Please return every line in the following data that includes the string "Import".

__Input data__:
* * *
(* (Correctness.) Let $A$ be a ground (base) type and $v$ a value of type $A$. If $\cdot\vdash M:A$ in CC and $M\triangleright^* v$, then $\Delta_\Gamma\cup\Delta_M\vdash[\![M]\!]\triangleright^* v'$ in DCC for some $v'$ with $v'\equiv[\![v]\!]$, where $\Gamma=\cdot$, $\Delta_\Gamma=[\![\Gamma]\!]_d$ and $\Delta_M=[\![M]\!]_d$.
   Context: CC is the Calculus of Constructions with universes $U_0,U_1,\dots$, informally extended with base (ground) types such as the unit type and natural numbers whose types and values contain no $\lambda$-abstractions. Expressions $x\mid U_i\mid\Pi x{:}A.B\mid L\,M\mid\lambda x{:}A.M$; reduction $(\lambda x{:}A.N)\,M\triangleright N[M/x]$, $\triangleright^*$ zero or more steps; typing $\Gamma\vdash M:A$ by the standard CC rules (variable, $U_i:U_{i+1}$, $\Pi$ in $U_{\max(i,j)}$, application with result type $B[N/x]$, abstraction, conversion up to $\beta\eta$-equivalence). DCC: expressions $x\mid U_i\mid\Pi x{:}A.B\mid L@M\mid\ell_i\{\overline M\}$ with label names $\ell_i$ and lists $\overline M$; label contexts $\Delta::=\cdot\mid\Delta,\ell_i(\{\overline x{:}\overline A\},x{:}A\mapsto L:B)$. Reduction: $\Delta\vdash\ell\{\overline M\}@N\triangleright L[\overline M/\overline x,N/x]$ when $\ell(\{\overline x{:}\overline A\},x{:}A\mapsto L:B)\in\Delta$; $\triangleright^*$ zero or more steps. Equivalence $\equiv$ in DCC: two terms are equivalent if they reduce to a common term, or by the $\eta$-rule: if $L\triangleright^*\ell\{\overline N\}$, $M\triangleright^*M'$, $\ell(\{\overline x{:}\overline A\},x{:}A\mapsto N:B)\in\Delta$ and $N[\overline N/\overline x]\equiv M'@x$ then $L\equiv M$ (and symmetrically). Translation (by induction on the implicit typing derivation; each source $\lambda$ has a distinct tag $i$, written $\lambda^i$, corresponding to label $\ell_i$). $\mathrm{FV}(M)$ for $\Gamma\vdash M:A$: with $x_1,\dots,x_n$ the unbound variables of $M$ and $A$ and $\Gamma\vdash x_k:A_k$, $\mathrm{FV}(M)=\mathrm{FV}(A_1)\cup\dots\cup\mathrm{FV}(A_n)\cup(x_1{:}A_1,\dots,x_n{:}A_n)$, where $\cup$ appends the entries of the right operand not already in the left, preserving order. $[\![-]\!]$: $x\mapsto x$, $U_i\mapsto U_i$, $\Pi x{:}A.B\mapsto\Pi x{:}[\![A]\!].[\![B]\!]$, $M\,N\mapsto[\![M]\!]@[\![N]\!]$, $\lambda^ix{:}A.M\mapsto\ell_i\{\overline x\}$ where $\overline x{:}\overline A=\mathrm{FV}(\lambda^ix{:}A.M)$; base types and values translate to themselves. $[\![-]\!]_d$: universe (and base types/values) $\mapsto\cdot$; variable of type $A\mapsto[\![A]\!]_d$; $\Pi x{:}A.B\mapsto[\![A]\!]_d\cup[\![B]\!]_d$; $M\,N:B[N/x]$ (with $M:\Pi x{:}A.B$) $\mapsto[\![M]\!]_d\cup[\![N]\!]_d\cup[\![B[N/x]]\!]_d$; $\lambda^ix{:}A.M:\Pi x{:}A.B\mapsto([\![A]\!]_d\cup[\![M]\!]_d),\ell_i(\{\overline x{:}[\![\overline A]\!]\},x{:}[\![A]\!]\mapsto[\![M]\!]:[\![B]\!])$; a conversion from $M:A$ to $M:B\mapsto[\![M]\!]_d\cup[\![B]\!]_d$. On contexts: $[\![\cdot]\!]_d=\cdot$, $[\![\Gamma,x{:}A]\!]_d=[\![\Gamma]\!]_d\cup[\![A]\!]_d$. *)

From Stdlib Require Import List Arith Bool Relations.
Import ListNotations.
* * *
__Output of the task__:
From Stdlib Require Import List Arith Bool Relations.
Import ListNotations.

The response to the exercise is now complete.